== Available data ==

Lemma lucas_markov_solutions m (x y : int) :
  0 < x -> x != y -> x ^+ 2 + y ^+ 2 + U (2 * m) ^+ 2 = V (2 * m) * x * y ->
  (exists k, x = U (2 * k + 1) /\ y = U (2 * k + 2 * m + 1)
          \/ x = U (2 * k + 2 * m + 1) /\ y = U (2 * k + 1))
  \/ (exists k, [/\ (k <= m - 1)%N, (0 < m)%N, m <> (2 * k + 1)%N,
                    x = U (2 * k + 1) & y = U (2 * m - 2 * k - 1)]).
Proof.
move=> x_gt0 x_neq_y markov.
have U_neq0 : U (2 * m) != 0.
  apply: contraNneq x_neq_y => U0; move: markov; rewrite U0 lucasV_even_eq2 //; nia.
case: m U_neq0 markov => [|m] // U_neq0 /(lucas_markov_shift U_neq0) [w cassini_xw yE].
have [w_gt0 | w_le0] := ltrP 0 w.
  have [j j_odd [wE xE]] : exists2 j, odd j = true & w = U j.+1 /\ x = U j.
    by apply: lucas_pair_of_cassini; [lia | lia | rewrite expr1; lia].
  have [k jE] : exists k, j = (2 * k).+1.
    by exists j./2; rewrite -{1}(odd_double_half j) j_odd mul2n.
  left; exists k; left; rewrite addn1 -jE; split => //.
  by rewrite yE wE xE jE -lucasU_odd_addn; ring.
have [j j_even [xE wE]] : exists2 j, odd j = false & x = U j.+1 /\ - w = U j.
  by apply: lucas_pair_of_cassini; [lia | lia | rewrite expr0; lia].
have [i jE] : exists i, j = (2 * i)%N.
  by exists j./2; rewrite -{1}(odd_double_half j) j_even mul2n.
have {}yE : y = U (2 * m).+1 * U (2 * i).+1 - U (2 * m).+2 * U (2 * i).
  by rewrite yE xE -jE -wE; ring.
have [le_im | lt_mi] := leqP i m.
  right; exists i; rewrite addn1 xE jE; split => //; first lia.
    move=> mE; have idx : (2 * (m - i)).+1 = (2 * i).+1 by lia.
    by move: x_neq_y; rewrite yE lucasU_odd_subn_leq // xE jE idx eqxx.
  have -> : (2 * m.+1 - 2 * i - 1 = (2 * (m - i)).+1)%N by lia.
  by rewrite yE lucasU_odd_subn_leq.
left; exists (i - m.+1)%N; right; rewrite addn1 yE lucasU_odd_subn_gtn // xE jE.
by split => //; congr lucasU; lia.
Qed.

End NonnegativeParameter.

Theorem theorem1p3 (P : int) (m n : nat) :
  (0 < n)%N ->
  (sigma 2 n)%:Z - (n ^ 2)%:Z
    = lucasV P (-1) (2 * m) * n%:Z - (lucasU P (-1) (2 * m)) ^+ 2 + 1 ->
  (`|lucasV P (-1) (2 * m)| + (lucasU P (-1) (2 * m)) ^+ 2 - 1) ^+ 3 < n%:Z ->
  (exists k : nat,
     n%:Z = lucasU P (-1) (2 * k + 1) * lucasU P (-1) (2 * k + 2 * m + 1)
     /\ int_prime (lucasU P (-1) (2 * k + 1))
     /\ int_prime (lucasU P (-1) (2 * k + 2 * m + 1)))
  \/
  (exists k : nat,
     (k <= m - 1)%N /\ (0 < m)%N /\ m <> (2 * k + 1)%N /\
     n%:Z = lucasU P (-1) (2 * k + 1) * lucasU P (-1) (2 * m - 2 * k - 1)
     /\ int_prime (lucasU P (-1) (2 * k + 1))
     /\ int_prime (lucasU P (-1) (2 * m - 2 * k - 1))).
Proof.
wlog P_ge0 : P / 0 <= P.
  move=> nonneg_case; have [|P_lt0] := lerP 0 P; first exact: nonneg_case.
  have oppP_ge0 : 0 <= - P by rewrite oppr_ge0 ltW.
  move=> n_gt0 excess n_big; have := nonneg_case (- P) oppP_ge0 n_gt0.
  rewrite lucasV_oppP_even lucasU_oppP_sqr => /(_ excess n_big).
  have odd1 k : odd (2 * k + 1) by rewrite addn1 /= oddM.
  case=> [[k sol] | [k [k_le [m_gt0 sol]]]]; [left | right]; exists k.
    by rewrite -!(lucasU_oppP_odd P) ?odd1 // -mulnDr odd1.
  have idx : (2 * m - 2 * k - 1 = 2 * (m - k - 1) + 1)%N by lia.
  by do 2 split => //; rewrite idx -!(lucasU_oppP_odd P) ?odd1 // -idx.
move=> _ excess n_big.
have A_ge2 := lucasV_even_ge2 P_ge0 m.
rewrite ger0_norm ?(le_trans _ A_ge2) // in n_big.
have [p [q [p_pr q_pr p_neq_q nE markov]]] :=
  sigma2_excess_semiprime A_ge2 (@lucasV_even_eq2 _ P_ge0 m) n_big excess.
have p_gt0 : 0 < p%:Z by rewrite ltz_nat prime_gt0.
have p_int_prime : int_prime p by exists p.
have q_int_prime : int_prime q by exists q.
have [[k [[pE qE] | [pE qE]]] | [k [k_le m_gt0 m_neq pE qE]]] :=
  lucas_markov_solutions P_ge0 p_gt0 (p_neq_q : p%:Z != q) markov.
- by left; exists k; rewrite nE PoszM -pE -qE.
- by left; exists k; rewrite nE PoszM mulrC -pE -qE.
- by right; exists k; rewrite nE PoszM -pE -qE.
Qed.
(* Let $\epsilon>0$. There exist constants $K,c>0$ depending only on $\epsilon$ such that for every $n$ and every $\epsilon$-balanced random digraph $\Gamma(n)$ on $[n]$, \[\mathbb{P}\big(\Gamma(n)\text{ is not strongly connected}\big)\le K e^{-cn}.\]
   Context: Digraphs may have multiple edges (and loops). $\deg(i,j)\in\mathbb{Z}_{\ge0}$ is the number of edges from $i$ to $j$. A digraph is strongly connected if there is a directed path from every vertex to every other vertex. A random variable $y$ in a ring $T$ is $\epsilon$-balanced if for every maximal ideal $\mathfrak p$ of $T$ and every $r\in T/\mathfrak p$, $\mathbb{P}(y\equiv r\bmod\mathfrak p)\le1-\epsilon$. A random digraph on $[n]$ is $\epsilon$-balanced if the $\deg(i,j)$ for ordered pairs $i\ne j$ are independent $\epsilon$-balanced random variables in $\mathbb{Z}$. *)

From Stdlib Require Import Reals ZArith Znumtheory List Classical ClassicalEpsilon.
Open Scope R_scope.

Definition Zrange (N : nat) : list Z :=
  map (fun k => (Z.of_nat k - Z.of_nat N)%Z) (seq 0 (2 * N + 1)).

Definition sumZ (N : nat) (f : Z -> R) : R :=
  fold_right Rplus 0 (map f (Zrange N)).

Definition indic (P : Prop) : R :=
  if excluded_middle_informative P then 1 else 0.

Definition is_pmf (f : Z -> R) : Prop :=
  (forall z, 0 <= f z) /\ Un_cv (fun N => sumZ N f) 1.

(* P(y in A) <= b for y with pmf f, where A : Z -> Prop.  Since the terms are
   nonnegative, this is equivalent to: every partial sum is <= b. *)
Definition probZ_le (f : Z -> R) (A : Z -> Prop) (b : R) : Prop :=
  forall N, sumZ N (fun z => f z * indic (A z)) <= b.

===

## Task:
Your task is to set down again, exactly, every line from the beginning of the listing through the line with "j) j_odd mul2n.".

## Task output:
Lemma lucas_markov_solutions m (x y : int) :
  0 < x -> x != y -> x ^+ 2 + y ^+ 2 + U (2 * m) ^+ 2 = V (2 * m) * x * y ->
  (exists k, x = U (2 * k + 1) /\ y = U (2 * k + 2 * m + 1)
          \/ x = U (2 * k + 2 * m + 1) /\ y = U (2 * k + 1))
  \/ (exists k, [/\ (k <= m - 1)%N, (0 < m)%N, m <> (2 * k + 1)%N,
                    x = U (2 * k + 1) & y = U (2 * m - 2 * k - 1)]).
Proof.
move=> x_gt0 x_neq_y markov.
have U_neq0 : U (2 * m) != 0.
  apply: contraNneq x_neq_y => U0; move: markov; rewrite U0 lucasV_even_eq2 //; nia.
case: m U_neq0 markov => [|m] // U_neq0 /(lucas_markov_shift U_neq0) [w cassini_xw yE].
have [w_gt0 | w_le0] := ltrP 0 w.
  have [j j_odd [wE xE]] : exists2 j, odd j = true & w = U j.+1 /\ x = U j.
    by apply: lucas_pair_of_cassini; [lia | lia | rewrite expr1; lia].
  have [k jE] : exists k, j = (2 * k).+1.
    by exists j./2; rewrite -{1}(odd_double_half j) j_odd mul2n.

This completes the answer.